- [Exercise aim]
Of all the lines below, output only those starting at the one with "rewrite expr2. Qed." and ending at the one with "Proof. by rewrite", both ends included, exactly as written.

START Provided information

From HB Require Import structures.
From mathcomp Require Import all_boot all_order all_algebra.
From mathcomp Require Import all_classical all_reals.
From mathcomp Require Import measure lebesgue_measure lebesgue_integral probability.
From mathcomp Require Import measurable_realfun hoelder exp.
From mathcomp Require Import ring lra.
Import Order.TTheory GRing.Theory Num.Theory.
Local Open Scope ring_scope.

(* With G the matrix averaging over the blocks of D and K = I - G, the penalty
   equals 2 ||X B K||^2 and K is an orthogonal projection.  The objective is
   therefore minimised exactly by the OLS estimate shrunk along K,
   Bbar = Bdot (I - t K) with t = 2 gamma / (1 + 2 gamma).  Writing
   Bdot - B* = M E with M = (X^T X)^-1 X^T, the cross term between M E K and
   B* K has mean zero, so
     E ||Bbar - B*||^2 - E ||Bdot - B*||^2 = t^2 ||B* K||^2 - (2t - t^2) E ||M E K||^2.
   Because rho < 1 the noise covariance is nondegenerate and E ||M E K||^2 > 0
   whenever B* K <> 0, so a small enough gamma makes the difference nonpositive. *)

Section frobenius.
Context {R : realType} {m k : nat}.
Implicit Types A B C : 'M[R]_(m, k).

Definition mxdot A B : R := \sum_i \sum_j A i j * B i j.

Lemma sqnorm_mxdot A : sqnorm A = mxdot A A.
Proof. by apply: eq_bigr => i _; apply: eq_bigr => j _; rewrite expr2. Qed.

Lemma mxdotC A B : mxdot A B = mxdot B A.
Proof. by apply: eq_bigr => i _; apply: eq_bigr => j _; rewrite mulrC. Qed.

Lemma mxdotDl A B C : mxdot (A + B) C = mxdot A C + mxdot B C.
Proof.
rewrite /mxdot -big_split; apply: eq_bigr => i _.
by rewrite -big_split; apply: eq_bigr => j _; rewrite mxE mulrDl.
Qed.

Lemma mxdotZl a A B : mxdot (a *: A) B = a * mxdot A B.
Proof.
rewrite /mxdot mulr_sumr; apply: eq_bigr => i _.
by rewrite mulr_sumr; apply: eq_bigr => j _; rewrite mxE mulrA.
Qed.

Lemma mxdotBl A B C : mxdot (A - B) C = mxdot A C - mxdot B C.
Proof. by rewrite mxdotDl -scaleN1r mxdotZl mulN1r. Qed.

END Provided information
START Provided information

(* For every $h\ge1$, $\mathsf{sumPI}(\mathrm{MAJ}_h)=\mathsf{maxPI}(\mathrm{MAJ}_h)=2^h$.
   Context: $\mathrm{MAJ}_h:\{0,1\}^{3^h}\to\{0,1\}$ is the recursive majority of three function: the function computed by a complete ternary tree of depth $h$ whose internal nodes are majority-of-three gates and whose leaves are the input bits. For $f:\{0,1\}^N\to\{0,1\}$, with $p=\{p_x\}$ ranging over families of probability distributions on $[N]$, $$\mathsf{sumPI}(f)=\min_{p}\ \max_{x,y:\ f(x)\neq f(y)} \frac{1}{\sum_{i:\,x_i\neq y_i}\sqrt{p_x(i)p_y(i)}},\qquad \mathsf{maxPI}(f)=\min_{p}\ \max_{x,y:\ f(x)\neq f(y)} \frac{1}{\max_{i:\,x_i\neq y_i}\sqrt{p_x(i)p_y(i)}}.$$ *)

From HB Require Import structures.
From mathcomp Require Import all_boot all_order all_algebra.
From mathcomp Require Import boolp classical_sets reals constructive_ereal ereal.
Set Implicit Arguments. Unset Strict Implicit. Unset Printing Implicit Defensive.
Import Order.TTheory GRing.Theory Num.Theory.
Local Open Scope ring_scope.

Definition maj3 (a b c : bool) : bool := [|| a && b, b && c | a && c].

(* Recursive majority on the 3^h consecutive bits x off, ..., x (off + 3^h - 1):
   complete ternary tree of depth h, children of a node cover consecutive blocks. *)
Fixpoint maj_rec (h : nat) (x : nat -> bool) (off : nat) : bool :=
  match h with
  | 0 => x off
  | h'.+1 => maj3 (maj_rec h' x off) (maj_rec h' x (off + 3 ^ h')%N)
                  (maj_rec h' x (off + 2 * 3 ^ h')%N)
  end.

END Provided information

- [Answer space]
Proof. by apply: eq_bigr => i _; apply: eq_bigr => j _; rewrite expr2. Qed.

Lemma mxdotC A B : mxdot A B = mxdot B A.
Proof. by apply: eq_bigr => i _; apply: eq_bigr => j _; rewrite mulrC. Qed.

Lemma mxdotDl A B C : mxdot (A + B) C = mxdot A C + mxdot B C.
Proof.
rewrite /mxdot -big_split; apply: eq_bigr => i _.
by rewrite -big_split; apply: eq_bigr => j _; rewrite mxE mulrDl.
Qed.

Lemma mxdotZl a A B : mxdot (a *: A) B = a * mxdot A B.
Proof.
rewrite /mxdot mulr_sumr; apply: eq_bigr => i _.
by rewrite mulr_sumr; apply: eq_bigr => j _; rewrite mxE mulrA.
Qed.

Lemma mxdotBl A B C : mxdot (A - B) C = mxdot A C - mxdot B C.
Proof. by rewrite mxdotDl -scaleN1r mxdotZl mulN1r. Qed.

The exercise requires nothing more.